PLAN OF DISTRIBUTION

The selling stockholders and any of their respective transferees, pledgees, assignees or other successors-in-interest may, from time to time, sell any or all their respective shares of common stock on any stock exchange, market or trading facility on which the shares are traded or in private transactions. These sales may be at fixed or negotiated prices. The selling stockholders may use any one or more of the following methods when selling shares:

 

    ordinary brokerage transactions and transactions in which the broker-dealer solicits purchasers;

 

    block trades in which the broker-dealer will attempt to sell the shares as agent but may position and resell a portion of the block as principal to facilitate the transaction;

 

    purchases by a broker-dealer as principal and resale by the broker-dealer for its account;

 

    an exchange or market distribution in accordance with the rules of the applicable exchange or market;

 

    privately negotiated transactions;

 

    settlement of short sales;

 

    broker-dealers may agree with the selling stockholders to sell a specified number of such shares at a stipulated price per share;

 

    through options, swaps or derivatives;

 

    a combination of any such methods of sale; and

 

    any other method permitted pursuant to applicable law.

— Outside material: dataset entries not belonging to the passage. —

Lemma exists_annihilator_loc_ker Q : finitely_many_minimal_primes R ->
  prime_ideal Q -> exists2 t, ~ Q t & forall y, loc_ker Q y -> t * y = 0.
Proof.
move=> [n [Ps HPs]] HQ; have [P0 HP0 P0Q] := minimal_prime_below HQ.
have [a Ka Ha] := loc_ker_separate Ps n HP0.
have [HQI Q1 _] := HQ.
exists (1 - a); first exact/ideal_1B/P0Q/(loc_ker_sub HP0.1).
move=> y Qy; apply: eq0_loc_ker_minimal => P HP.
have [EP0|nP0] := pselect (P = P0).
  by rewrite EP0; have [_ _ KL _] := is_ideal_loc_ker HP0.1; apply/KL/(loc_kerS P0Q).
have [i [lt_in EP]] := HPs P HP.
have {}EP : P = Ps i by rewrite predeqE.
rewrite EP in HP nP0 *.
by have [_ _ _ KR] := is_ideal_loc_ker HP.1; apply/KR/Ha.
Qed.

End MultiplicationRing.

Section ModuleProduct.
Variables (R : comPzRingType) (M : lmodType R).
Implicit Types A B I Q : set R.
Local Notation ideal_smul := (@ideal_smul _ M).

Lemma ideal_smulS I I' : I `<=` I' -> ideal_smul I `<=` ideal_smul I'.
Proof.
move=> II'; apply: ideal_smul_least; first exact: is_submodule_ideal_smul.
by move=> r v /II'; apply: ideal_smul_gen.
Qed.

Lemma ideal_smul_mul A B : (forall m, ideal_smul B m) ->
  ideal_smul A `<=` ideal_smul (ideal_mul A B).
Proof.
have [S0 SD SZ] := is_submodule_ideal_smul M (ideal_mul A B).
move=> BM; apply: ideal_smul_least; first exact: is_submodule_ideal_smul.
move=> r v Ar.
apply: (@ideal_smul_least _ _ _ [set w | ideal_smul (ideal_mul A B) (r *: w)] _ _ v (BM v)).
  split=> /= [|x y Hx Hy|s x Hx]; first by rewrite scaler0.
  - by rewrite scalerDr; apply: SD.
  - by rewrite scalerA mulrC -scalerA; apply: SZ.
by move=> s w Bs; rewrite /= scalerA; apply: ideal_smul_gen; apply: ideal_mul_prod.
Qed.

Lemma ideal_smul_annihilated t I (m : M) : (forall r, I r -> t * r = 0) ->
  ideal_smul I m -> t *: m = 0.
Proof.
move=> tI; apply: (@ideal_smul_least _ _ _ [set m : M | t *: m = 0]).
  split=> /= [|x y Hx Hy|s x Hx]; first exact: scaler0.
  - by rewrite scalerDr Hx Hy addr0.
  - by rewrite scalerA mulrC -scalerA Hx scaler0.
by move=> r v Ir; rewrite /= scalerA tI // scale0r.
Qed.

Lemma ideal_smul_ann (m : M) : ideal_smul (ann M) m -> m = 0.
Proof.
apply: (@ideal_smul_least _ _ _ [set 0 : M]); last by move=> r v; apply.
by split=> //= [x y -> ->|s x ->]; rewrite ?addr0 ?scaler0.
Qed.

Lemma is_ideal_ann : is_ideal (ann M).
Proof.
split=> [v|x y Hx Hy v|r x Hx v|r x Hx v]; first exact: scale0r.
- by rewrite scalerDl Hx Hy addr0.
- by rewrite -scalerA Hx scaler0.
- by rewrite mulrC -scalerA Hx scaler0.
Qed.

Definition cyclic (x : M) : set M := [set y | exists r, y = r *: x].

Lemma is_submodule_cyclic x : is_submodule (cyclic x).
Proof.
split.
- by exists 0; rewrite scale0r.
- by move=> _ _ [r ->] [s ->]; exists (r + s); rewrite scalerDl.
- by move=> c _ [r ->]; exists (c * r); rewrite scalerA.
Qed.

Lemma cyclic_self x : cyclic x x.
Proof. by exists 1; rewrite scale1r. Qed.

Lemma cyclic_eq_ideal_smul x : multiplication_module M ->
  exists2 I, is_ideal I & cyclic x = ideal_smul I.
Proof.
by move=> /(_ _ (is_submodule_cyclic x))[I [HI EI]]; exists I; rewrite // predeqE.
Qed.

Lemma ideal_smul_mul_cyclic I Q x : cyclic x = ideal_smul I -> is_ideal Q ->
  ideal_smul (ideal_mul I Q) `<=` [set q *: x | q in Q].
Proof.
move=> EI [Q0 QD QL QR]; apply: ideal_smul_least.
  split.
  - by exists 0; rewrite ?scale0r.
  - by move=> _ _ [q Qq <-] [q' Qq' <-]; exists (q + q'); [apply: QD | rewrite scalerDl].
  - by move=> c _ [q Qq <-]; exists (c * q); [apply: QL | rewrite scalerA].
move=> s v Hs; suff : [set s | forall v, [set q *: x | q in Q] (s *: v)] s by apply.
apply: (ideal_mul_least _ _ Hs) => [|i q Ii Qq w].
  split=> [w|a b Ha Hb w|r a Ha w|r a Ha w]; first by exists 0; rewrite ?scale0r.
  - rewrite /= scalerDl; have [q Qq <-] := Ha w; have [q' Qq' <-] := Hb w.
    by exists (q + q'); [apply: QD | rewrite scalerDl].
  - have [q Qq qE] := Ha w.
    by exists (r * q); [apply: QL | rewrite -!scalerA qE].
  - by have [q Qq qE] := Ha (r *: w); exists q; rewrite // -scalerA.
have : cyclic x (i *: w) by rewrite EI; apply: ideal_smul_gen.
by case=> c cE; exists (q * c); [apply: QR | rewrite (mulrC i) -scalerA -cE scalerA].
Qed.

Lemma efun0 (f : End_R M) : f 0 = 0.
Proof. by rewrite -(scale0r 0) efunZ !scale0r. Qed.

Lemma ideal_smul_efun I (f : End_R M) m : ideal_smul I m -> ideal_smul I (f m).
Proof.
have [S0 SD SZ] := is_submodule_ideal_smul M I.
apply: (@ideal_smul_least _ _ _ [set m | ideal_smul I (f m)]).
  split=> /= [|x y Hx Hy|s x Hx]; first by rewrite efun0.
  - by rewrite efunD; apply: SD.
  - by rewrite efunZ; apply: SZ.
by move=> r v Ir; rewrite /= efunZ; apply: ideal_smul_gen.
Qed.

End ModuleProduct.

Section ScalarIdeal.
Variables (R : comPzRingType) (M : lmodType R) (f : End_R M).

Definition scalar_ideal : set R :=
  [set t | exists b, forall x : M, f (t *: x) = b *: x].

Lemma is_ideal_scalar_ideal : is_ideal scalar_ideal.
Proof.
split.
- by exists 0 => x; rewrite !scale0r efun0.
- move=> a b [ba Ha] [bb Hb]; exists (ba + bb) => x.
  by rewrite !scalerDl efunD Ha Hb.
- by move=> r a [ba Ha]; exists (r * ba) => x; rewrite -!scalerA efunZ Ha.
- by move=> r a [ba Ha]; exists (ba * r) => x; rewrite -!scalerA Ha.
Qed.

Lemma ann_sub_scalar_ideal : ann M `<=` scalar_ideal.
Proof. by move=> t Ht; exists 0 => x; rewrite Ht efun0 scale0r. Qed.

Lemma cyclic_sub_scalar_ideal I (x : M) : cyclic x = ideal_smul I -> I `<=` scalar_ideal.
Proof.
move=> EI a Ia.
have [s sE] : cyclic x (f x).
  by rewrite EI; apply: ideal_smul_efun; rewrite -EI; apply: cyclic_self.
exists (s * a) => y.
have [c cE] : cyclic x (a *: y) by rewrite EI; apply: ideal_smul_gen.
by rewrite -scalerA cE efunZ sE !scalerA mulrC.
Qed.

Hypothesis HM : multiplication_module M.

Lemma ideal_smul_scalar_ideal (m : M) : ideal_smul scalar_ideal m.
Proof.
have [I _ EI] := cyclic_eq_ideal_smul m HM.
by apply: (ideal_smulS (cyclic_sub_scalar_ideal EI)); rewrite -EI; apply: cyclic_self.
Qed.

The selling stockholders may also sell shares under Rule 144 under the Securities Act, if available, rather than under this prospectus.

Broker-dealers engaged by the selling stockholders may arrange for other brokers-dealers to participate in sales. Broker-dealers may receive commissions or discounts from the selling stockholders (or, if any broker-dealer acts as agent for the purchaser of shares, from the purchaser) in amounts to be negotiated. The selling stockholders do not expect these commissions and discounts to exceed what is customary in the types of transactions involved.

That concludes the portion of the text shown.